I don't think one way is better than another, it's just a matter of opinion and interpretation.

jknezek

Quote from: 02 Warhawk on September 30, 2014, 02:35:55 PM

I don't think one way is better than another, it's just a matter of opinion and interpretation.

You can have an opinion and interpretation about anything. It's just difficult to defend one when the data says you are wrong. UWSP was better than NCC last week. That's the data point. UWSP is 3-0, no blemishes yet to diminish the win. In order to put NCC ahead of UWSP you have to ignore the result on the field, the most important piece of data, and the only relevant ancillary data we have this year (overall record).

There are a lot of people here in Alabama that would like to crown Auburn the National Champion last year.

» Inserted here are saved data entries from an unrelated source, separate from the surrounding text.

Definition dscale (c : R) (a : dual) : dual :=
  mkDual (fun n => c * ad a n) (fun n => c * aq a n) (fun m => c * ah a m).

Definition dzero : dual := mkDual (fun _ => 0) (fun _ => 0) (fun _ => 0).

Definition dnorm1 (S : Sys) (a : dual) : R :=
  Rsum (Nt S) (fun n => Rabs (ad a n)) + Rsum (Nt S) (fun n => Rabs (aq a n))
  + Rsum (Mr S) (fun m => Rabs (ah a m)).

Definition dual_dim (S : Sys) : R := 2 * INR (Nt S) + INR (Mr S).

Definition sharp_minimizer (S : Sys) (g : dual -> R) (rho : R) (a : dual) : Prop :=
  feasible S a /\ forall x, feasible S x -> g a + rho * dnorm S a x <= g x.

Lemma dscale_cancel c s a : c * s = 1 -> dscale c (dscale s a) = a.
Proof.
  intros Hcs. destruct a as [f g h]. unfold dscale; simpl.
  f_equal; apply functional_extensionality; intros x; rewrite <- Rmult_assoc, Hcs; ring.
Qed.

Lemma feasible_dscale S c a : 0 <= c -> feasible S a -> feasible S (dscale c a).
Proof. unfold feasible, dscale; simpl; intros Hc Ha n Hn. specialize (Ha n Hn). nra. Qed.

Lemma feasible_dzero S : feasible S dzero.
Proof. unfold feasible, dzero; simpl; intros; lra. Qed.

Lemma dnorm_nonneg S a b : 0 <= dnorm S a b.
Proof. apply sqrt_pos. Qed.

It's easy to do if you ignore the most important piece of data...

smedindy

Quote from: wally_wabash on September 30, 2014, 11:12:36 AM
Quote from: smedindy on September 29, 2014, 10:18:33 PM
The serious question is if you, as a voter, still think NC can beat UWSP three out of the next five?

This is kind of a cop out, isn't it?  Don't we use this who would win the most out of seven or ten games to more or less dismiss an actual game result that doesn't jive with our preconceptions?

NO! It's not a cop out. Weird results and outliers would pollute our rankings. Say Kenyon upsets Wittenberg. We'd never rank Kenyon ahead of Wittenberg.
Wabash Always Fights!

jknezek

Quote from: smedindy on September 30, 2014, 02:42:46 PM
Quote from: wally_wabash on September 30, 2014, 11:12:36 AM
Quote from: smedindy on September 29, 2014, 10:18:33 PM
The serious question is if you, as a voter, still think NC can beat UWSP three out of the next five?

This is kind of a cop out, isn't it?  Don't we use this who would win the most out of seven or ten games to more or less dismiss an actual game result that doesn't jive with our preconceptions?

NO! It's not a cop out. Weird results and outliers would pollute our rankings. Say Kenyon upsets Wittenberg. We'd never rank Kenyon ahead of Wittenberg.

Ridiculous. Kenyon has mitigating data in terms of other losses. UWSP is undefeated. There isn't any mitigating data. You just want to ignore the result.